Definition connected (V : list point) : Prop :=
  forall u v, In u V -> In v V -> exists p, is_path (udg_edge V) u v p.

Definition civilized (lambda : R) (V : list point) : Prop :=
  forall u v, In u V -> In v V -> u <> v -> lambda <= dist u v.

(* Cones: k cones of angle theta = 2 PI / k, bounded by rays of directions
   alpha + i*theta (same directions at every node). *)
Definition in_cone (k : nat) (alpha : R) (u : point) (i : nat) (w : point) : Prop :=
  (i < k)%nat /\
  exists r phi, 0 < r /\
    alpha + INR i * (2 * PI / INR k) <= phi /\
    phi < alpha + INR (S i) * (2 * PI / INR k) /\
    fst w = fst u + r * cos phi /\ snd w = snd u + r * sin phi.

Definition same_cone (k : nat) (alpha : R) (u v w : point) : Prop :=
  exists i, in_cone k alpha u i v /\ in_cone k alpha u i w.

Definition triple : Type := (R * nat * nat)%type.

Definition lex_lt (a b : triple) : Prop :=
  let '(a1, a2, a3) := a in
  let '(b1, b2, b3) := b in
  a1 < b1 \/ (a1 = b1 /\ ((a2 < b2)%nat \/ (a2 = b2 /\ (a3 < b3)%nat))).

Definition lex_le (a b : triple) : Prop := lex_lt a b \/ a = b.

Definition lex_min (a b : triple) : triple :=
  if excluded_middle_informative (lex_lt b a) then b else a.

Definition dID (ID : point -> nat) (u v : point) : triple := (dist u v, ID u, ID v).

Definition eID (ID : point -> nat) (u v : point) : triple :=
  lex_min (dID ID u v) (dID ID v u).

Definition yao_edge (V : list point) (k : nat) (alpha : R) (ID : point -> nat)
  (u v : point) : Prop :=
  udg_edge V u v /\
  forall w, udg_edge V u w -> same_cone k alpha u v w -> lex_le (eID ID u v) (eID ID u w).

Definition yy_dedge (V : list point) (k : nat) (alpha : R) (ID : point -> nat)
  (u v : point) : Prop :=
  yao_edge V k alpha ID u v /\
  forall w, yao_edge V k alpha ID w v -> same_cone k alpha v u w ->
    lex_le (eID ID u v) (eID ID w v).

Definition yy_edge (V : list point) (k : nat) (alpha : R) (ID : point -> nat)
  (u v : point) : Prop :=
  yy_dedge V k alpha ID u v \/ yy_dedge V k alpha ID v u.

Definition max_degree_le (V : list point) (H : point -> point -> Prop) (d : nat) : Prop :=
  forall u, In u V -> forall L, NoDup L -> (forall v, In v L -> H u v) -> (length L <= d)%nat.

(* Length t-spanner: shortest uv-path length in H <= t * that in G
   (for every G-path p there is an H-path at most t times as long). *)
Definition length_spanner (V : list point) (H G : point -> point -> Prop) (t : R) : Prop :=
  forall u v, In u V -> In v V -> forall p, is_path G u v p ->
    exists q, is_path H u v q /\ path_length u q <= t * path_length u p.

Definition power_stretch (V : list point) (beta : R) (H G : point -> point -> Prop) (rho : R) : Prop :=
  forall u v, In u V -> In v V -> forall p, is_path G u v p ->
    exists q, is_path H u v q /\ path_power beta u q <= rho * path_power beta u p.

(* Let theta = 2 PI / k and c = cos theta - sin theta.  If w lies in the cone of u that
   contains v and |uw| <= |uv|, the law of cosines with an angle below theta at u gives
   |wv| <= |uv| - c |uw|.  The spanner bound t = 1 + eps is proved edge by edge, by induction
   on edge length.  For an edge uv of G let uw be the Yao edge of u in the cone of v.  If uw
   survives the reverse Yao step, take uw followed by a YY path from w to v.  Otherwise a YY
   edge xw, with x in the cone of w containing u and |xw| <= |uw|, blocks it, and we go
   u ~> x -> w ~> v: the cone inequality at w makes ux shorter than uw by c |wx|, and since
   |wx| >= lambda this gain pays for the detour exactly when
   t (1 - c) <= lambda (t c - 1), which is what the choice of k guarantees.  Powers follow
   from sum |e|^beta <= (sum |e|)^beta for beta >= 1.  Degrees: a node keeps at most one
   outgoing and one incoming YY edge per cone. *)

From Pilot Require Import Defs.
From Stdlib Require Import Reals Lra Lia List ZArith ClassicalEpsilon Classical.
Import ListNotations Defs.
Open Scope R_scope.

Lemma dist_sym (u v : point) : dist u v = dist v u.
Proof. unfold dist. f_equal. ring. Qed.

Lemma dist_nonneg (u v : point) : 0 <= dist u v.
Proof. apply sqrt_pos. Qed.

Lemma dist_pos (u v : point) : u <> v -> 0 < dist u v.
Proof.
  destruct u as [a b], v as [c d]; intros Hne. apply sqrt_lt_R0; simpl.
  pose proof (pow2_ge_0 (a - c)). pose proof (pow2_ge_0 (b - d)).
  destruct (Req_dec a c) as [->|Hac].
  - assert (Hbd : b - d <> 0) by (intros E; apply Hne; f_equal; lra).
    pose proof (Rsqr_pos_lt _ Hbd). unfold Rsqr in *. lra.
  - assert (Hac' : a - c <> 0) by lra.
    pose proof (Rsqr_pos_lt _ Hac'). unfold Rsqr in *. lra.
Qed.

Lemma dist_polar (u v : point) (r phi : R) : 0 <= r ->
  fst v = fst u + r * cos phi -> snd v = snd u + r * sin phi -> dist u v = r.
Proof.
  intros Hr Hx Hy. unfold dist. rewrite Hx, Hy.
  replace (_ + _) with (r * r * ((sin phi)² + (cos phi)²)) by (unfold Rsqr; ring).
  rewrite sin2_cos2, Rmult_1_r. apply sqrt_square, Hr.
Qed.

Lemma trig_shift_2PI (x : R) (q : Z) :
  cos (x + 2 * IZR q * PI) = cos x /\ sin (x + 2 * IZR q * PI) = sin x.
Proof.
  destruct (Z_le_gt_dec 0 q) as [Hq|Hq].
  - rewrite <- (Z2Nat.id q Hq), <- INR_IZR_INZ. split; [apply cos_period|apply sin_period].
  - replace q with (- Z.of_nat (Z.to_nat (- q)))%Z by lia.
    set (n := Z.to_nat (- q)). rewrite opp_IZR, <- INR_IZR_INZ.
    replace x with ((x + 2 * - INR n * PI) + 2 * INR n * PI) at 2 4 by ring.
    rewrite cos_period, sin_period. split; reflexivity.
Qed.
Lemma flow_sub_path f k q : s != t -> is_flow f k.+1 ->
  st_path src tgt s t q -> all (fun e => 0 < f e) q ->
  is_flow (fun a => f a - (a \in q)%:R) k.
Proof.
move=> s_neq_t [[f_ge0 f_le1] conserve value] /andP [walk_q uniq_q] pos_q.
rewrite walk_to_tE in walk_q; have {}uniq_q : uniq q.
  by case/andP: uniq_q => _ /map_uniq.
split; first split.
- move=> a; case: (boolP (a \in q)) => [q_a | _]; rewrite ?subr0 //=.
  by have := allP pos_q a q_a; lia.
- by move=> a N_a; rewrite lerBlDr (le_trans (f_le1 a N_a)) // lerDl.
- move=> v v_s v_t; rewrite (excess_sub_walk _ _ walk_q uniq_q) conserve //.
  by rewrite eq_sym (negbTE v_s) eq_sym (negbTE v_t) subrr.
- rewrite (excess_sub_walk f s walk_q uniq_q) value eqxx eq_sym (negbTE s_neq_t) subr0.
  by rewrite -addn1 natrD addrK.
Qed.

Definition N_disjoint (P : seq (seq E)) :=
  forall i j, (i < size P)%N -> (j < size P)%N -> i != j ->
    [disjoint [predI mem (nth [::] P i) & mem N] & [predI mem (nth [::] P j) & mem N]].

Lemma flow_decompose f k : s != t -> is_flow f k -> exists P, [/\ size P = k,
  all (st_path src tgt s t) P, N_disjoint P &
  forall p e, p \in P -> e \in p -> e \in N -> 0 < f e].
Proof.
move=> s_neq_t; elim: k f => [|k IH] f flow_f; first by exists [::]; split => //; case.
have [[f_ge0 f_le1] _ _] := flow_f.
have [q path_q pos_q] := flow_carrying_path flow_f.
have [P [size_P paths_P disj_P pos_P]] := IH _ (flow_sub_path s_neq_t flow_f path_q pos_q).
have avoid_q p e : p \in P -> e \in p -> e \in N -> e \notin q.
  move=> P_p p_e N_e; apply/negP => q_e; have := pos_P p e P_p p_e N_e.
  by rewrite q_e; have := f_le1 e N_e; lia.
have disj_q p : p \in P -> [disjoint [predI mem q & mem N] & [predI mem p & mem N]].
  move=> P_p; apply/pred0P => e /=; apply/negbTE/negP.
  move=> /andP [/andP [q_e N_e] /andP [p_e _]].
  by have := avoid_q p e P_p p_e N_e; rewrite q_e.
exists (q :: P); split => /=; [by rewrite size_P | by rewrite path_q paths_P | |].
- move=> [|i] [|j] //= lt_i lt_j neq_ij.
  + exact/disj_q/mem_nth.
  + by rewrite disjoint_sym; apply/disj_q/mem_nth.
  + exact: disj_P.
- move=> p e; rewrite in_cons => /predU1P [-> q_e _ | P_p p_e N_e]; first exact: (allP pos_q).
  by have := pos_P p e P_p p_e N_e; lia.
Qed.
(* tau_2 = (-1,2)(-2,3)...(-m,1):  -(i+1) <-> i+2 (mod m) *)
Definition tau2_fun m (x : pm m) : pm m :=
  if x.1 then pos (ordS x.2) else neg (ord_pred x.2).
Lemma tau2_K m : involutive (@tau2_fun m).
Proof. by case=> [[] i]; rewrite /tau2_fun /= ?ordSK ?ord_predK. Qed.
Definition tau2 m : {perm pm m} := perm (inv_inj (@tau2_K m)).

Definition tcyc_fun m (x : pm m) : pm m :=
  if x.1 then neg (ord_pred x.2) else pos (ordS x.2).
Definition tcyc_inv m (x : pm m) : pm m :=
  if x.1 then neg (ordS x.2) else pos (ord_pred x.2).
Lemma tcyc_inj m : injective (@tcyc_fun m).
Proof.
apply: (can_inj (g := @tcyc_inv m)).
by case=> [[] i]; rewrite /tcyc_fun /tcyc_inv /= ?ordSK ?ord_predK.
Qed.
Definition tcyc m : {perm pm m} := perm (@tcyc_inj m).

(* B(n) = {1,3,..,2n-1} u {-2,..,-2n};  W(n) = {2,..,2n} u {-1,..,1-2n} *)
Definition Bset n : {set pm (2 * n)} := [set x : pm (2 * n) | odd x.2 == x.1].
Definition Wset n : {set pm (2 * n)} := [set x : pm (2 * n) | odd x.2 != x.1].

Definition a_tilde (g p n : nat) : {set {perm 'I_(2 * n)}} :=
  [set pi | [&& fpf_invol pi,
             ncycles (cyc (2 * n) * pi^-1)%g + 2 * g == n + 1,
             [forall i : 'I_(2 * n), odd i ==> ~~ odd (pi i)] &
             ncycles_on (cyc (2 * n) * pi^-1)%g [set i : 'I_(2 * n) | ~~ odd i] == p]].

Definition b_tilde (k p n : nat) : {set {perm pm (2 * n)}} :=
  [set t1 | [&& fpf_invol t1,
             ncycles (t1 * tau2 (2 * n))%g + 2 * k == 2 * n + 2,
             (tau0 (2 * n) * t1 == t1 * tau0 (2 * n))%g,
             fpf (t1 * tau0 (2 * n))%g,
             [exists i : 'I_(2 * n), ~~ (t1 (pos i)).1],
             [forall x in Bset n, t1 x \in Bset n] &
             ncycles_on (t1 * tau2 (2 * n))%g (Wset n) == 2 * p]].

Definition a_hat (g p n : nat) : {set {perm 'I_n}} :=
  [set pi | (ncycles pi == p) && (ncycles (cyc n * pi^-1)%g + p + 2 * g == n + 1)].

Definition b_hat (k p n : nat) : {set {perm pm n}} :=
  [set t1 | [&& ncycles t1 == 2 * p,
             ncycles (t1 * tcyc n)%g + 2 * p + 2 * k == 2 * n + 2,
             (tau0 n * t1 * tau0 n == t1^-1)%g,
             fpf (t1 * tau0 n)%g &
             [exists i : 'I_n, (t1 (pos i)).1]]].

From mathcomp Require Import all_boot all_order all_fingroup.
From mathcomp Require Import zify.
Set Implicit Arguments. Unset Strict Implicit. Unset Printing Implicit Defensive.

(* Both bijections keep half of an involution.  An involution pi in a_tilde
   pairs each even point 2j with an odd point 2 r(j) - 1, and the permutation
   r of [n] determines pi.  Transported by halving, pi^-1 1_(2n) acts on the odd
   points as r and on the even points as r^-1 1_n, so its cycles split as
   #(r) + #(r^-1 1_n).
   Likewise tau1 in b_tilde preserves W(n), a copy of +-[n], together with
   B(n) = tau0 W(n); tau2 tau1 acts on W(n) as a permutation t and on B(n) as
   1~_n t.  The conditions that tau1 be a fixed-point-free involution commuting
   with tau0 become: tau0 t is a fixed-point-free involution, which is what
   tau0 t tau0 = t^-1 and "tau0 t is fixed-point free" say.  Finally tau1 maps
   some positive point to a positive one iff t changes the sign of some point,
   and a permutation maps a positive point to a negative one iff it maps a
   negative point to a positive one. *)

Section PermFacts.
Variable T : finType.
Implicit Types (s : {perm T}) (W : {set T}).
(* In the setting below, the map $\phi:\bigoplus_{i=1}^nF_i\to H_1(\Gamma,\rho^\beta)$ is equivariant for the natural action of $u_k$ on the target, where $u_k$ acts on the source trivially on $F_i$ for $i\neq k$ and by multiplication by $\chi=\beta^T$ on $F_k$. Moreover $\phi$ is injective.
   Context: Setting: $Q=\{q_1,\ldots,q_n\}\subset\mathbb{P}^1$, $b,c$ further points; $\Gamma=\pi_1(\mathbb{P}^1-Q-\{c\},b)$ with generators $\alpha_i$ (around $q_i$), $\delta$ (around $c$), relation $\delta\alpha_1\cdots\alpha_n=1$; $\delta_1=\delta$, $\delta_{i+1}=\alpha_i\delta_i\alpha_i^{-1}$; $u_k$ acts on $\Gamma$ by $\mu_k$ with $\mu_k(\alpha_i)=\alpha_i$ ($i\ne k$), $\mu_k(\alpha_k)=\delta_k^{-1}\alpha_k\delta_k$, $\mu_k(\delta_k)=\delta_k^{-1}\alpha_k^{-1}\delta_k\alpha_k\delta_k$. $\rho:\Gamma\to GL(V)$ with $\rho(\delta)=1$ and semisimple $\rho(\alpha_i)$; $\beta^{H_i},\beta^T\in\mathbb{C}^*$ with $\beta^T\prod\beta^{H_i}=1$ and $\beta^T\ne1$; $\rho^\beta(\alpha_i)=\beta^{H_i}\rho(\alpha_i)$, $\rho^\beta(\delta)=\beta^T$. $C_1/\partial C_2$: span of $G[\gamma,w]$, linear in $w$, with $G[\xi\gamma,w]=G[\gamma,w]+G[\xi,\rho^\beta(\gamma)w]$; $H_1(\Gamma,\rho^\beta)=\ker(\partial:G[\gamma,w]\mapsto\rho^\beta(\gamma)w-w)$; natural action $G[\gamma,w]\mapsto G[\mu_k(\gamma),w]$. $F_i\subset V$ is the space of vectors fixed by $\rho^\beta(\alpha_i)$, and $\phi_i(f)=G[\alpha_i,f]$, $\phi=\sum\phi_i$. *)

From HB Require Import structures.
From mathcomp Require Import all_boot all_order all_algebra.
From mathcomp Require Export complex.
From mathcomp Require Export reals.
Set Implicit Arguments. Unset Strict Implicit. Unset Printing Implicit Defensive.
Import GRing.Theory.
Local Open Scope ring_scope.

(* The fundamental group Gamma = pi_1(P^1 - Q - {c}, b): the free group    *)
(* on alpha_1, ..., alpha_n (here indexed by 'I_n, i.e. 0-based), with     *)
(* delta := (alpha_1 ... alpha_n)^{-1}, so that delta alpha_1...alpha_n=1. *)
(* Elements are freely reduced words; a letter (i, false) is alpha_i and   *)
(* (i, true) is alpha_i^{-1}.                                              *)

Definition letter (n : nat) := ('I_n * bool)%type.
Definition flipl n (x : letter n) : letter n := (x.1, ~~ x.2).
Definition nocancel n (x y : letter n) := y != flipl x.
Definition reducedw n (w : seq (letter n)) := sorted (@nocancel n) w.

Definition fcons n (x : letter n) (w : seq (letter n)) :=
  if w is y :: w' then (if y == flipl x then w' else x :: w) else [:: x].

Lemma fcons_red n (x : letter n) w : reducedw w -> reducedw (fcons x w).
Proof.
case: w => [|y w] //= H.
case: ifP => Hy; first exact: (path_sorted H).
by rewrite /reducedw /= /nocancel Hy H.
Qed.

Definition fmulw n (u v : seq (letter n)) := foldr (@fcons n) v u.

Lemma fmulw_red n (u v : seq (letter n)) : reducedw v -> reducedw (fmulw u v).
Proof. by elim: u => [|x u IH] //= Hv; apply: fcons_red; apply: IH. Qed.
Lemma grmap_surjective d n (t : {mpoly k[d + d]}) : isQGam p t -> Qdeg n t ->
  exists2 f, Ipow n f & grmap p invfact n f = t.
Proof.
move=> /allP t_red /allP t_deg.
pose lift (st : 'X_{1..d + d}) :=
  (\prod_(j < d) (mfst st j)`!)%:R *: 'X_[(mfst st + msnd st *+ p)%MM] : {mpoly k[d]}.
exists (mlin lift t).
  apply: (filt_Ipow charp); apply: all_msupp_mlin => st /[dup] /t_red s_red /t_deg deg_s.
  apply/allP => b /msuppZ_le; rewrite msuppX inE => /eqP ->.
  by rewrite rdeg_reducedp // (eqP deg_s).
rewrite (linear_map_mlin (grmap_linear p invfact n)) -[RHS]mlinX_id.
apply: eq_mlin => st /[dup] /t_red s_red /t_deg /eqP deg_s.
rewrite /lift (linear_mapZ (grmap_linear p invfact n)) grmapX rdeg_reducedp // deg_s eqxx.
rewrite mmodp_reducedp // mdivp_reducedp // mjoinK.
rewrite scalerA -[RHS]scale1r; congr (_ *: _).
rewrite /invmfact natr_prod -big_split /=; apply: big1 => j _.
by rewrite mulrC invfactK //; move/reducedpP: s_red.
Qed.

Lemma grmap_eq0 d n (f : {mpoly k[d]}) : Ipow n f -> (grmap p invfact n f = 0 <-> Ipow n.+1 f).
Proof.
move=> /(Ipow_filt charp) f_n; split; last by move/(Ipow_filt charp); exact: grmap_filt.
move=> f0; apply: (filt_Ipow charp); apply/allP => a a_f.
rewrite ltn_neqAle (allP f_n a a_f) andbT; apply/negP => /eqP deg_a.
have := congr1 (mcoeff (mjoin (mmodp p a) (mdivp p a))) f0.
rewrite mcoeff0 (mcoeff_grmap charp invfact) reducedp_mmodp //.
rewrite deg_a /rdeg eqxx mmodp_mdivp => /eqP; apply/negP; rewrite mulf_neq0 -?mcoeff_msupp //.
apply/prodf_neq0 => j _; rewrite invr_eq0 (fact_neq0 charp) //.
by rewrite mnmE ltn_mod.
Qed.

Section Naturality.
Variable R : comAlgType k.

Let charR : p \in [pchar R]. Proof. by rewrite (pchar_lalg R). Qed.

Definition invfact_alg (m : nat) : R := (invfact m)%:A.

Lemma invfact_algK m : (m < p)%N -> invfact_alg m * m`!%:R = 1.
Proof.
move=> lt_mp; rewrite /invfact_alg -(rmorph_nat (GRing.in_alg R)) /=.
by rewrite -scalerAl mul1r scalerA invfactK // scale1r.
Qed.

Lemma bc_grmap d n (g : {mpoly R[d]}) :
  bc (@grmap _ p invfact d n) g = grmap p invfact_alg n g.
Proof.
rewrite /bc [in RHS]/grmap /mlin; apply: eq_bigr => a _; congr (_ *: _); rewrite grmapX.
rewrite -[map_mpoly _](_ : map_mpoly (GRing.in_alg R) = _) //.
case: ifP => _; last by rewrite raddf0.
by rewrite map_mpolyZ map_mpolyX /invmfact rmorph_prod.
Qed.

+ + + +

▶ WHAT IS BEING ASKED
Would you please repeat exactly the lines above, starting at the line with "Import GRing.Theory." and stopping at the line with "Definition flipl n", both included?

▶ ANSWER AREA
Import GRing.Theory.
Local Open Scope ring_scope.

(* The fundamental group Gamma = pi_1(P^1 - Q - {c}, b): the free group    *)
(* on alpha_1, ..., alpha_n (here indexed by 'I_n, i.e. 0-based), with     *)
(* delta := (alpha_1 ... alpha_n)^{-1}, so that delta alpha_1...alpha_n=1. *)
(* Elements are freely reduced words; a letter (i, false) is alpha_i and   *)
(* (i, true) is alpha_i^{-1}.                                              *)

Definition letter (n : nat) := ('I_n * bool)%type.
Definition flipl n (x : letter n) : letter n := (x.1, ~~ x.2).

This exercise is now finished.